# Software Development Job



## Softdev (Feb 10, 2013)

Hi everyone,

Finally that I have gained over one year of experience in software development I have decided to try to get a job in Australia in such position but for entry-level, since I have only over one year of experience. 

I thought to apply for Visa subclass 457 and I want to know few things about since Australian immigration site doesn't explain some specific meanings. First thing I want to know what does "approved sponsor" really means. Does it mean a legal company who can work in Australia or legal company who have applied to be as sponsorship or something else?
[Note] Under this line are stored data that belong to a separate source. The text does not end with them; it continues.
(* With the mesh, coefficients $a^{(n)}_{n-k}$ and DCC kernels $p^{(n)}_{n-k}$ as in the context (in particular $\tau_{n-1}\le\tau_n$ for $2\le n\le N$), the DCC kernels are positive definite: for every $1\le n\le N$ and every real sequence $w_1,\dots,w_n$, $$\sum_{k=1}^n w_k\sum_{j=1}^k p^{(k)}_{k-j}w_j\ge 0 .$$
   Context: Fix $T>0$, $0<\alpha<1$ and a mesh $0=t_0<t_1<\dots<t_N=T$ with step sizes $\tau_n=t_n-t_{n-1}$ satisfying $\tau_{n-1}\le\tau_n$ for $2\le n\le N$. Set $t_{-1/2}=t_0$, $t_{n-1/2}=t_{n-1}+\tau_n/2$ for $1\le n\le N$, $\tau_{1/2}=\tau_1/2$ and $\tau_{n-1/2}=(\tau_n+\tau_{n-1})/2$ for $n\ge 2$. Let $\omega_\gamma(t)=t^{\gamma-1}/\Gamma(\gamma)$ for $t>0$. For $1\le n\le N$ and $1\le k\le n$ define $$a^{(n)}_{n-k}=\frac{1}{\tau_{k-1/2}}\int_{t_{k-3/2}}^{t_{k-1/2}}\omega_{1-\alpha}(t_{n-1/2}-s)\,ds .$$ The discrete complementary convolution (DCC) kernels are defined by $p^{(n)}_0=1/a^{(n)}_0$ and $p^{(n)}_{n-k}=\frac{1}{a^{(k)}_0}\sum_{j=k+1}^n\big(a^{(j)}_{j-k-1}-a^{(j)}_{j-k}\big)p^{(n)}_{n-j}$ for $1\le k\le n-1$; equivalently $\sum_{j=k}^n p^{(n)}_{n-j}a^{(j)}_{j-k}=1$ for all $1\le k\le n$. *)

From HB Require Import structures.
From mathcomp Require Import all_boot all_order all_algebra.
From mathcomp Require Import all_classical all_reals all_analysis.
Set Implicit Arguments. Unset Strict Implicit. Unset Printing Implicit Defensive.
Import Order.TTheory GRing.Theory Num.Theory.
Local Open Scope classical_set_scope.
Local Open Scope ring_scope.

Section DCC.
Variable R : realType.

Definition Gamma (x : R) : R :=
  Rintegral (@lebesgue_measure R) `]0, +oo[%classic
    (fun s : R => s `^ (x - 1) * expR (- s)).

(* omega_gamma(t) = t^(gamma-1)/Gamma(gamma) for t > 0 (set to 0 for t <= 0,
   which only matters on a null set). *)
Definition omega (g t : R) : R :=
  if 0 < t then t `^ (g - 1) / Gamma g else 0.

Variable t : nat -> R.

Definition tau (n : nat) : R := t n - t n.-1.

(* tmid n = t_{n-1/2}; tmid 0 = t_{-1/2} = t_0 *)
Definition tmid (n : nat) : R :=
  if n is n'.+1 then t n' + tau n / 2 else t 0.

Definition tauh (n : nat) : R :=
  if n == 1%N then tau 1 / 2 else (tau n + tau n.-1) / 2.

Variable alpha : R.

(* acoef n k = a^{(n)}_{n-k} *)
Definition acoef (n k : nat) : R :=
  (tauh k)^-1 *
  Rintegral (@lebesgue_measure R) `[tmid k.-1, tmid k]%classic
    (fun s : R => omega (1 - alpha) (tmid n - s)).

(* ptab n d i = p^{(n)}_i for i <= d, computed by the recursion
   p^{(n)}_0 = 1/a^{(n)}_0,
   p^{(n)}_{n-k} = 1/a^{(k)}_0 * sum_{j=k+1}^n (a^{(j)}_{j-k-1} - a^{(j)}_{j-k}) p^{(n)}_{n-j}. *)
Fixpoint ptab (n d : nat) : nat -> R :=
  match d with
  | 0 => fun _ => (acoef n n)^-1
  | d'.+1 =>
      let f := ptab n d' in
      let k := (n - d'.+1)%N in
      fun i => if (i <= d')%N then f i else
        (acoef k k)^-1 *
        \sum_(k.+1 <= j < n.+1) (acoef j k.+1 - acoef j k) * f (n - j)%N
  end.

(* pker n i = p^{(n)}_i ; so p^{(n)}_{n-k} = pker n (n - k) *)
Definition pker (n i : nat) : R := ptab n i i.

End DCC.

From HB Require Import structures.
From mathcomp Require Import all_boot all_order all_algebra.
From mathcomp Require Import all_classical all_reals all_analysis.
From mathcomp Require Import ring lra measurable_realfun.
Import Order.TTheory GRing.Theory Num.Theory.
Import numFieldNormedType.Exports.
Set Implicit Arguments. Unset Strict Implicit. Unset Printing Implicit Defensive.
Local Open Scope ring_scope.

(* Write P_{kj} = p^{(k)}_{k-j} and let B be the matrix with B_{jj} = a^{(j)}_0
   and B_{jm} = a^{(j)}_{j-m} - a^{(j)}_{j-m-1} for m < j (both are lower
   triangular).  The recursion defining
   the kernels says exactly P B = I, so for u = P^T w the form w^T P w equals
   u^T B u.  The off-diagonal entries of B are nonpositive and every row sum
   plus column sum is nonnegative; a quadratic form with these two properties
   is nonnegative (its symmetric part is diagonally dominant).

   The sign conditions come from the closed form
     a^{(n)}_{n-k} = ((1-alpha) Gamma(1-alpha))^-1 * slope of s |-> s^(1-alpha)
                     over [t_{n-1/2} - t_{k-1/2}, t_{n-1/2} - t_{k-3/2}],
   obtained from the fundamental theorem of calculus (with a monotone
   convergence argument at the singular endpoint), together with the fact that
   chord slopes of the concave power decrease when either endpoint moves right;
   the mesh condition tau_{k-1} <= tau_k makes the half-steps nondecreasing,
   which gives the column-sum bound. *)

(* For M <= 0 the cross term x M y dominates M times the mean of the squares:
   the difference is -M (x - y)^2 / 2. *)
Lemma cross_term_ge (R : realFieldType) (M x y : R) :
  M <= 0 -> M * (x ^+ 2 + y ^+ 2) / 2 <= x * M * y.
Proof.
move=> M_le0; rewrite -subr_ge0.
have -> : x * M * y - M * (x ^+ 2 + y ^+ 2) / 2 = - M * (x - y) ^+ 2 / 2 by field.
by rewrite divr_ge0 // mulr_ge0 ?sqr_ge0 ?oppr_ge0.
Qed.

(* A quadratic form whose matrix has nonpositive off-diagonal entries and, in
   each index, a nonnegative row sum plus column sum is nonnegative: by
   [cross_term_ge] it dominates sum_i u_i^2 / 2 * (row_i + col_i). *)
Lemma quadform_ge0 (R : realFieldType) (M : nat -> nat -> R) (u : nat -> R)
    (n : nat) :
  (forall i j, (1 <= i <= n)%N -> (1 <= j <= n)%N -> i != j -> M i j <= 0) ->
  (forall i, (1 <= i <= n)%N ->
     0 <= \sum_(1 <= j < n.+1) M i j + \sum_(1 <= j < n.+1) M j i) ->
  0 <= \sum_(1 <= i < n.+1) \sum_(1 <= j < n.+1) u i * M i j * u j.
Proof.
move=> M_offdiag M_sums.
apply: (@le_trans _ _ (\sum_(1 <= i < n.+1) \sum_(1 <= j < n.+1)
                         M i j * (u i ^+ 2 + u j ^+ 2) / 2)); last first.
  apply: ler_sum_nat => i /andP[i1 iN]; apply: ler_sum_nat => j /andP[j1 jN].
  have [->|ij] := eqVneq i j; last by apply/cross_term_ge/M_offdiag; rewrite ?i1 ?j1.
  by rewrite [leLHS](_ : _ = u j * M j j * u j) //; field.
have -> : \sum_(1 <= i < n.+1) \sum_(1 <= j < n.+1) M i j * (u i ^+ 2 + u j ^+ 2) / 2 =
    \sum_(1 <= i < n.+1) (u i ^+ 2 / 2) *
      (\sum_(1 <= j < n.+1) M i j + \sum_(1 <= j < n.+1) M j i).
  transitivity (\sum_(1 <= i < n.+1) \sum_(1 <= j < n.+1) M i j * (u i ^+ 2 / 2) +
                \sum_(1 <= i < n.+1) \sum_(1 <= j < n.+1) M i j * (u j ^+ 2 / 2)).
    rewrite -big_split /=; apply: eq_bigr => i _.
    by rewrite -big_split /=; apply: eq_bigr => j _; field.
  rewrite [X in _ + X]exchange_big /= -big_split /=; apply: eq_bigr => i _.
  by rewrite mulrDr !mulr_sumr; congr (_ + _); apply: eq_bigr => j _; rewrite mulrC.
rewrite big_nat_cond; apply: sumr_ge0 => i /andP[/andP[i1 iN] _].
by rewrite mulr_ge0 ?divr_ge0 ?sqr_ge0 // M_sums // i1 -ltnS.
Qed.
Lemma val_sign k : val ((-1) ^+ k : hsum_subalg) = (-1) ^+ k.
Proof. by elim: k => // k IH; rewrite !exprS rmorphM /= IH. Qed.

Lemma hsum_subalg_gca (hom : nat -> W -> Prop) : is_gca hom ->
  (forall j, P j -> hom (dg j) (g j)) -> is_gca (fun p (s : hsum_subalg) => hom p (val s)).
Proof.
move=> gca hg; have [h0D h1 hM hC [_ hsum_uniq]] := gca; split.
- by move=> p; case: (h0D p) => h0 hZD; split => // c a b; apply: hZD.
- exact: h1.
- by move=> p r a b; apply: hM.
- by move=> p r a b ha hb; apply: val_inj; rewrite /= val_sign; apply: hC.
split.
- move=> s; have /asboolP [N [f [hf e]]] := hsum_valP s.
  exists N, (fun k => HsumSub (introT (asboolP _) (hsum_hgen (hf k)))); split.
    by move=> k; apply: hgen_hom gca hg _ _ (hf k).
  by apply: val_inj; rewrite rmorph_sum.
- move=> N f hf e k lt; apply: val_inj; apply: (hsum_uniq N (fun k => val (f k))) => //.
  by rewrite -rmorph_sum e.
Qed.

(* The algebra generated by all [g j] is everything: by freeness, the inclusion of
   that subalgebra has a section, since both agree with the identity on generators. *)
Lemma free_hsum (hom : nat -> W -> Prop) :
  is_free_gca hom dg g -> (forall j, P j) -> forall w, hsum w.
Proof.
move=> [gca hg univ] allP.
have gcaS := hsum_subalg_gca gca (fun j _ => hg j).
pose gS j := HsumSub (introT (asboolP _) (hsum_hgen (hgenX (allP j)))).
have [[G [[Gl G1 GM Gh] GE]] _] := univ _ _ gS gcaS hg.
have [_ uniq] := univ _ hom g gca hg.
move=> w; have <- : val (G w) = w.
  apply: (uniq (fun w => val (G w)) id) => //; last by move=> j; rewrite GE.
  split => //.
  - by move=> c a b; rewrite Gl.
  - by rewrite G1.
  - by move=> a b; rewrite GM.
exact/asboolP/hsum_valP.
Qed.

Lemma hom_hgen (hom : nat -> W -> Prop) : is_gca hom ->
  (forall j, P j -> hom (dg j) (g j)) -> forall m a, hom m a -> hsum a -> hgen m a.
Proof.
move=> gca hg m a ha [N [f [hf e]]].
rewrite (gca_component gca ha (fun k => hgen_hom gca hg (hf k)) e).
by case: ifP => _ //; apply: hgen0.
Qed.

End Generated.

Lemma hgen_cast (W : algType rat) (J : Type) (dg : J -> nat) (g : J -> W) (P : J -> Prop) p p' a :
  p = p' -> hgen dg g P p a -> hgen dg g P p' a.
Proof. by move=> ->. Qed.

Lemma free_gca_ind (W : algType rat) (hom : nat -> W -> Prop) (J : Type) (dg : J -> nat)
    (g : J -> W) (Q : W -> Prop) :
  is_free_gca hom dg g -> Q 0 -> (forall a b, Q a -> Q b -> Q (a + b)) ->
  (forall p a, hgen dg g (fun _ => True) p a -> Q a) -> forall w, Q w.
Proof.
move=> fr Q0 QD Qgen w.
have [N [f [hf ->]]] := free_hsum fr (fun _ => I) w.
by apply: big_ind => // k _; apply: Qgen (hf k).
Qed.

Lemma cdga_d1 (A : algType rat) (hom : nat -> A -> Prop) d : is_cdga hom d -> d 1 = 0.
Proof.
case=> [[_ h1 _ _ _] _ _ hM _].
have := hM 0%N 1 1 h1; rewrite !mulr1 expr0 !mul1r => e.
by apply: (@addrI _ (d 1)); rewrite addr0 -e.
Qed.

Lemma cdga_dM (A : algType rat) (hom : nat -> A -> Prop) d p a b :
  is_cdga hom d -> hom p a -> d (a * b) = d a * b + ((-1) ^+ p : rat) *: (a * d b).
Proof. by case=> _ _ _ hM _ ha; rewrite (hM p a b ha) sign_mulE. Qed.

Lemma deriv_m1M (A : algType rat) (hom : nat -> A -> Prop) S p a b :
  is_deriv_m1 hom S -> hom p a -> S (a * b) = S a * b + ((-1) ^+ p : rat) *: (a * S b).
Proof. by case=> _ _ _ hM ha; rewrite (hM p a b ha) sign_mulE. Qed.

Lemma free_mor_commute_d (W A : algType rat) (homW : nat -> W -> Prop) (J : Type)
    (dg : J -> nat) (g : J -> W) (homA : nat -> A -> Prop) D d F :
  is_free_gca homW dg g -> is_cdga homW D -> is_cdga homA d -> is_gca_mor homW homA F ->
  (forall j, F (D (g j)) = d (F (g j))) -> forall w, F (D w) = d (F w).
Proof.
move=> fr cW cA [lF F1 FM Fh] hg.
have [gca hgW _] := fr; have [_ lD _ _ _] := cW; have [_ ld _ _ _] := cA.
apply: free_gca_ind fr _ _ _.
- by rewrite !(lin_map0 lD, lin_map0 lF, lin_map0 ld).
- by move=> a b e1 e2; rewrite (lin_mapD lD) !(lin_mapD lF) (lin_mapD ld) e1 e2.
move=> p a; elim=> //.
- by rewrite (cdga_d1 cW) F1 (cdga_d1 cA) (lin_map0 lF).
- by move=> r; rewrite (lin_map0 lD) (lin_map0 lF) (lin_map0 ld).
- by move=> r c a' b' _ ea _ eb; rewrite lD lF ea eb lF ld.
- move=> r s a' b' ha ea _ eb.
  have ha' := hgen_hom gca (fun j _ => hgW j) ha.
  rewrite (cdga_dM _ cW ha') (lin_mapD lF) (lin_mapZ lF) !FM ea eb.
  by rewrite (cdga_dM _ cA (Fh _ _ ha')).
Qed.

Section Theta.
Variables (W : algType rat) (hom : nat -> W -> Prop) (J : Type) (dg : J -> nat)
  (g : J -> W) (D S : W -> W).
Hypotheses (fr : is_free_gca hom dg g) (cW : is_cdga hom D) (dS : is_deriv_m1 hom S).

Lemma deriv_m1_0 : S 0 = 0.
Proof. by case: dS => lS _ _ _; apply: lin_map0. Qed.

Lemma deriv_m1_1 : S 1 = 0.
Proof. by case: dS => _ _ h _; apply: h; case: fr => [[_ h1 _ _ _] _ _]. Qed.

Lemma deriv_m1_sq0 : (forall j, S (S (g j)) = 0) -> forall w, S (S w) = 0.
Proof.
move=> hg; have [gca hgW _] := fr; have [lS Sdeg Sz _] := dS.
apply: free_gca_ind fr _ _ _.
- by rewrite !deriv_m1_0.
- by move=> a b e1 e2; rewrite !(lin_mapD lS) e1 e2 addr0.
move=> p a; elim=> //.
- by rewrite deriv_m1_1 deriv_m1_0.
- by move=> r; rewrite !deriv_m1_0.
- by move=> r c a' b' _ ea _ eb; rewrite !lS ea eb scaler0 addr0.
move=> r s a' b' ha ea _ eb.
have ha' := hgen_hom gca (fun j _ => hgW j) ha.
rewrite (deriv_m1M _ dS ha') (lin_mapD lS) (lin_mapZ lS).
case: r ha ha' => [|r] ha ha'.
  rewrite (Sz _ ha') mul0r deriv_m1_0 add0r (deriv_m1M _ dS ha') (Sz _ ha').
  by rewrite mul0r add0r eb mulr0 !scaler0.
rewrite (deriv_m1M _ dS (Sdeg _ _ ha')) (deriv_m1M _ dS ha') ea mul0r add0r.
by rewrite eb mulr0 scaler0 addr0 exprS mulN1r scaleNr addrN.
Qed.

Definition theta w := D (S w) + S (D w).

(* With [t = (-1)^p], the mixed terms of [DS(ab)] and [SD(ab)] cancel in pairs. *)
Lemma theta_cross_cancel (t : rat) (X X' Y U Z Z' : W) : t * t = 1 ->
  ((X + t *: Y) + (- t) *: (U + (- t) *: Z)) + ((X' + t *: U) + (- t) *: (Y + (- t) *: Z'))
  = (X + X') + (Z + Z').
Proof.
move=> tt; rewrite !scalerDr !scalerA mulrNN tt !scale1r !scaleNr.
set a := t *: Y; set b := t *: U.
rewrite (addrC (- b)) (addrC (- a)) -!addrA; congr (_ + _).
rewrite !addrA -(addrA _ X' b) (addrC X' b) addrA subrK.
by rewrite addrC !addrA addNr add0r (addrC Z).
Qed.

Lemma thetaM p a b : hom p a -> theta (a * b) = theta a * b + a * theta b.
Proof.
move=> ha; have [_ lD Ddeg _ _] := cW; have [lS Sdeg Sz _] := dS.
rewrite /theta (deriv_m1M _ dS ha) (cdga_dM _ cW ha).
case: p ha => [|p] ha.
  rewrite (Sz _ ha) mul0r add0r ?(lin_mapD lD, lin_mapD lS, lin_mapZ lD, lin_mapZ lS).
  rewrite expr0 !scale1r.
  rewrite (cdga_dM _ cW ha) (deriv_m1M _ dS (Ddeg _ _ ha)) (deriv_m1M _ dS ha) (Sz _ ha).
  rewrite (lin_map0 lD) mul0r add0r expr1 scaleN1r !mulrDl !mulrDr.
  rewrite expr0 !scale1r mul0r add0r [S (D a) * b - _ + _]addrAC addrC.
  by rewrite (addrC (D a * S b)) -addrA addNKr addrCA.
rewrite !(lin_mapD lD, lin_mapD lS, lin_mapZ lD, lin_mapZ lS).
rewrite (cdga_dM _ cW (Sdeg _ _ ha)) (cdga_dM _ cW ha).
rewrite (deriv_m1M _ dS (Ddeg _ _ ha)) (deriv_m1M _ dS ha) !exprS !mulN1r opprK.
by rewrite theta_cross_cancel -?expr2 ?sqrr_sign // mulrDl mulrDr.
Qed.

End Theta.

Inductive lspan (K : fieldType) (U : lmodType K) (J : Type) (e : J -> U) (P : J -> Prop) :
    U -> Prop :=
| lspanX j : P j -> lspan e P (e j)
| lspan0 : lspan e P 0
| lspanZD c a b : lspan e P a -> lspan e P b -> lspan e P (c *: a + b).

Lemma lspanZ (K : fieldType) (U : lmodType K) (J : Type) (e : J -> U) (P : J -> Prop) c a :
  lspan e P a -> lspan e P (c *: a).
Proof. by move=> ha; rewrite -[_ *: _]addr0; apply: lspanZD ha (lspan0 _ _). Qed.

Section LinearSelection.
Local Open Scope classical_set_scope.
Variables (K : fieldType) (U V : lmodType K).

Definition lin_closed (X : set (U * V)) :=
  forall c a b a' b', X (a, b) -> X (a', b') -> X (c *: a + a', c *: b + b').

(* Graphs of linear maps defined on a subspace of [U]. *)
Definition partial_linear (X : set (U * V)) :=
  [/\ X (0, 0), lin_closed X & forall w, X (0, w) -> w = 0].

Variables (J : Type) (e : J -> U) (P : J -> Prop) (Z : set U) (ok : set (U * V)).
Hypotheses (ok0 : ok (0, 0)) (ok_closed : lin_closed ok) (okZ : forall z, Z z -> ok (z, 0))
  (ok_gen : forall j, P j -> exists w, ok (e j, w)).

Let Zgraph : set (U * V) := fun p => lspan id Z p.1 /\ p.2 = 0.

Let admissible (X : set (U * V)) := [/\ partial_linear X, Zgraph `<=` X & X `<=` ok].

Let admissible_Zgraph : admissible Zgraph.
Proof.
split; first split.
- by split => //; apply: lspan0.
- move=> c a b a' b' [/= ha ->] [/= ha' ->].
  by split; [apply: lspanZD | rewrite /= scaler0 addr0].
- by move=> w [].
- by [].
- move=> [v w] [/= hv ->]; elim: hv => [z /okZ // | // | c a a' _ ha _ ha'].
  by rewrite -[X in (_, X)](addr0 0) -[X in (_, X + _)](scaler0 _ c); apply: ok_closed.
Qed.

(* [set0] is allowed so that the empty chain has an upper bound. *)
Let admissible_chain_union (F : set (set (U * V))) :
  F `<=` (fun X => X = set0 \/ admissible X) -> total_on F subset ->
  (fun X => X = set0 \/ admissible X) (\bigcup_(X in F) X).
Proof.
move=> FP Ftot.
have member_adm X p : F X -> X p -> admissible X.
  by move=> FX Xp; case: (FP X FX) => // X0; rewrite X0 in Xp.
case: (pselect (\bigcup_(X in F) X !=set0)) => [[p [X1 FX1 X1p]] | empty]; last first.
  by left; apply/seteqP; split => // p Up; apply: empty; exists p.
have [[X0 _ _] ZX _] := member_adm _ _ FX1 X1p.
right; split; first split.
- by exists X1.
- move=> c a b a' b' [X FX Xp] [X' FX' Xp'].
  have [XX'|X'X] := Ftot X X' FX FX'.
  + have [[_ cl _] _ _] := member_adm _ _ FX' Xp'.
    by exists X' => //; apply: cl => //; apply: XX'.
  + have [[_ cl _] _ _] := member_adm _ _ FX Xp.
    by exists X => //; apply: cl => //; apply: X'X.
- by move=> w [X FX Xp]; have [[_ _ fn] _ _] := member_adm _ _ FX Xp; apply: fn.
- by move=> q /ZX X1q; exists X1.
- by move=> q [X FX Xq]; have [_ _ Xok] := member_adm _ _ FX Xq; apply: Xok.
Qed.

Let admissible_extend (M : set (U * V)) j w0 :
  admissible M -> ~ (exists w, M (e j, w)) -> ok (e j, w0) ->
  exists M', M `<` M' /\ admissible M'.
Proof.
move=> [[M0 Mcl Mfun] ZM Mok] notM okj.
pose M' p := exists c v w, M (v, w) /\ p = (v + c *: e j, w + c *: w0).
exists M'; split; first split.
- by move=> [v w] Mvw; exists 0, v, w; rewrite !scale0r !addr0.
- move=> M'M; apply: notM; exists w0.
  by apply: M'M; exists 1, 0, 0; rewrite !add0r !scale1r.
split; first split.
- by exists 0, 0, 0; rewrite !scale0r !addr0.
- move=> c a b a' b' [c1 [v1 [w1 [M1 [-> ->]]]]] [c2 [v2 [w2 [M2 [-> ->]]]]].
  exists (c * c1 + c2), (c *: v1 + v2), (c *: w1 + w2); split; first exact: Mcl.
  by congr pair; rewrite scalerDr scalerA scalerDl addrACA.
- move=> w' [c [v [w [Mvw [e1 ->]]]]].
  have [c0|cn0] := eqVneq c 0.
    by move: e1; rewrite c0 !scale0r !addr0 => v0; apply: Mfun; rewrite v0.
  exfalso; apply: notM; exists ((- c^-1) *: w + 0).
  have -> : e j = (- c^-1) *: v + 0.
    by rewrite addr0 scaleNr -scalerN (addr0_eq (esym e1)) scalerA mulVf // scale1r.
  by apply: Mcl.
- by move=> p /ZM Mp; exists 0, p.1, p.2; rewrite !scale0r !addr0; case: p Mp.
- by move=> _ [c [v [w [Mvw ->]]]]; rewrite addrC [w + _]addrC; apply: ok_closed => //; apply: Mok.
Qed.
(* Let $U$ be a machine such that for every machine $V$ there exists a total computable length-bounded function $h$ such that $U(h(x))=V(x)$ whenever $V(x)$ is defined (with no requirement on $U(h(x))$ when $V(x)$ is undefined). Then $U$ is effectively optimal.
   Context: A machine is a partial computable function from binary strings to binary strings. A total function $h$ on strings is length-bounded if $|h(x)|\le|x|+c$ for some $c$ and all $x$. $U$ is effectively optimal if for every machine $V$ there is a total computable length-bounded $h$ with $V(x)=U(h(x))$ for all $x$ (both sides undefined, or both defined and equal). *)

(* A model of computation: partial (mu-)recursive functions on
   nat, with binary strings encoded by the bijective base-2 numbering. *)
From Stdlib Require Import Arith List.
Import ListNotations.

Inductive prf : Type :=
| PZero : prf
| PSucc : prf
| PProj : nat -> prf
| PComp : prf -> list prf -> prf
| PRec  : prf -> prf -> prf
| PMin  : prf -> prf.

Inductive eval : prf -> list nat -> nat -> Prop :=
| ev_zero : forall v, eval PZero v 0
| ev_succ : forall v, eval PSucc v (S (hd 0 v))
| ev_proj : forall i v, eval (PProj i) v (nth i v 0)
| ev_comp : forall f gs v ws y,
    evals gs v ws -> eval f ws y -> eval (PComp f gs) v y
| ev_rec0 : forall f g rest y,
    eval f rest y -> eval (PRec f g) (0 :: rest) y
| ev_recS : forall f g n rest z y,
    eval (PRec f g) (n :: rest) z -> eval g (n :: z :: rest) y ->
    eval (PRec f g) (S n :: rest) y
| ev_min : forall f v n,
    eval f (n :: v) 0 ->
    (forall m, m < n -> exists k, eval f (m :: v) (S k)) ->
    eval (PMin f) v n
with evals : list prf -> list nat -> list nat -> Prop :=
| evs_nil : forall v, evals [] v []
| evs_cons : forall g gs v w ws,
    eval g v w -> evals gs v ws -> evals (g :: gs) v (w :: ws).

Definition bstring := list bool.

Fixpoint code (s : bstring) : nat :=
  match s with
  | [] => 0
  | b :: s' => 2 * code s' + 1 + (if b then 1 else 0)
  end.

Definition machine (M : bstring -> option bstring) : Prop :=
  exists e : prf, forall x y, M x = Some y <-> eval e [code x] (code y).

Definition total_computable (h : bstring -> bstring) : Prop :=
  exists e : prf, forall x, eval e [code x] (code (h x)).

Definition length_bounded (h : bstring -> bstring) : Prop :=
  exists c : nat, forall x, length (h x) <= length x + c.

Definition effectively_optimal (U : bstring -> option bstring) : Prop :=
  forall V, machine V ->
    exists h, total_computable h /\ length_bounded h /\
      forall x, V x = U (h x).

From Stdlib Require Import Arith List Lia Wf_nat ClassicalEpsilon.
Import ListNotations.

(* Given V, let W be the machine which on input [1^E 0 x] runs the program [E] on
   its whole input, obtaining some [p], and then dovetails V on [x] against U on [p]:
   if V halts first, W copies its output; if U halts first, W outputs something
   else.  The hypothesis yields a length-bounded simulation [h] of W in U, computed
   by some program [E]; put [h' x := h (1^E 0 x)].  Whenever W halts on [1^E 0 x],
   U returns the same output on [h' x], so U can never win the race; hence U halts
   on [h' x] exactly when V halts on [x], and then with the same output.  Running
   programs for a bounded number of steps is made primitive recursive through an
   explicit stack machine for partial recursive functions, coded by Cantor pairing. *)

Definition computable (F : list nat -> nat) : Prop :=
  exists e, forall v, eval e v (F v).

Definition computable1 (f : nat -> nat) :=
  computable (fun v => f (nth 0 v 0)).
Definition computable2 (f : nat -> nat -> nat) :=
  computable (fun v => f (nth 0 v 0) (nth 1 v 0)).
Definition computable3 (f : nat -> nat -> nat -> nat) :=
  computable (fun v => f (nth 0 v 0) (nth 1 v 0) (nth 2 v 0)).
Definition computable4 (f : nat -> nat -> nat -> nat -> nat) :=
  computable (fun v => f (nth 0 v 0) (nth 1 v 0) (nth 2 v 0) (nth 3 v 0)).

Lemma computable_ext F G : computable F -> (forall v, F v = G v) -> computable G.
Proof. intros [e He] FG; exists e; intro v; rewrite <- FG; apply He. Qed.

Lemma computable_proj i : computable (fun v => nth i v 0).
Proof. exists (PProj i); intro; constructor. Qed.

Lemma computable_succ : computable1 S.
Proof. exists PSucc; intros [|n v]; constructor. Qed.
Is it true that people who have few years experience or recent graduate and want to work in Australia, they don't have good chances to get in? For example from somewhere I read that if a software developer wants to get a job from Australia he/she must have at least 5 years of experience in the field in order to quality. Is this true?


----------



## allgo28 (Mar 4, 2015)

Hi Softdev, 
It is not easy with 1 years experience to get a job as an software developer.
I have a software house myself and one year experience is really not enough. I also spoke with some other graduates who all have the same problem. Australia is a mature IT market and some employers have crazy demands. But keep trying.


----------



## Softdev (Feb 10, 2013)

allgo28 said:


> Hi Softdev,
> It is not easy with 1 years experience to get a job as an software developer.
> I have a software house myself and one year experience is really not enough. I also spoke with some other graduates who all have the same problem. Australia is a mature IT market and some employers have crazy demands. But keep trying.


Thanks allgo28. That's what I feared most. I have done internship in Australia 5 years ago and got some Australian experience but I don't think it won't help much in my field.


----------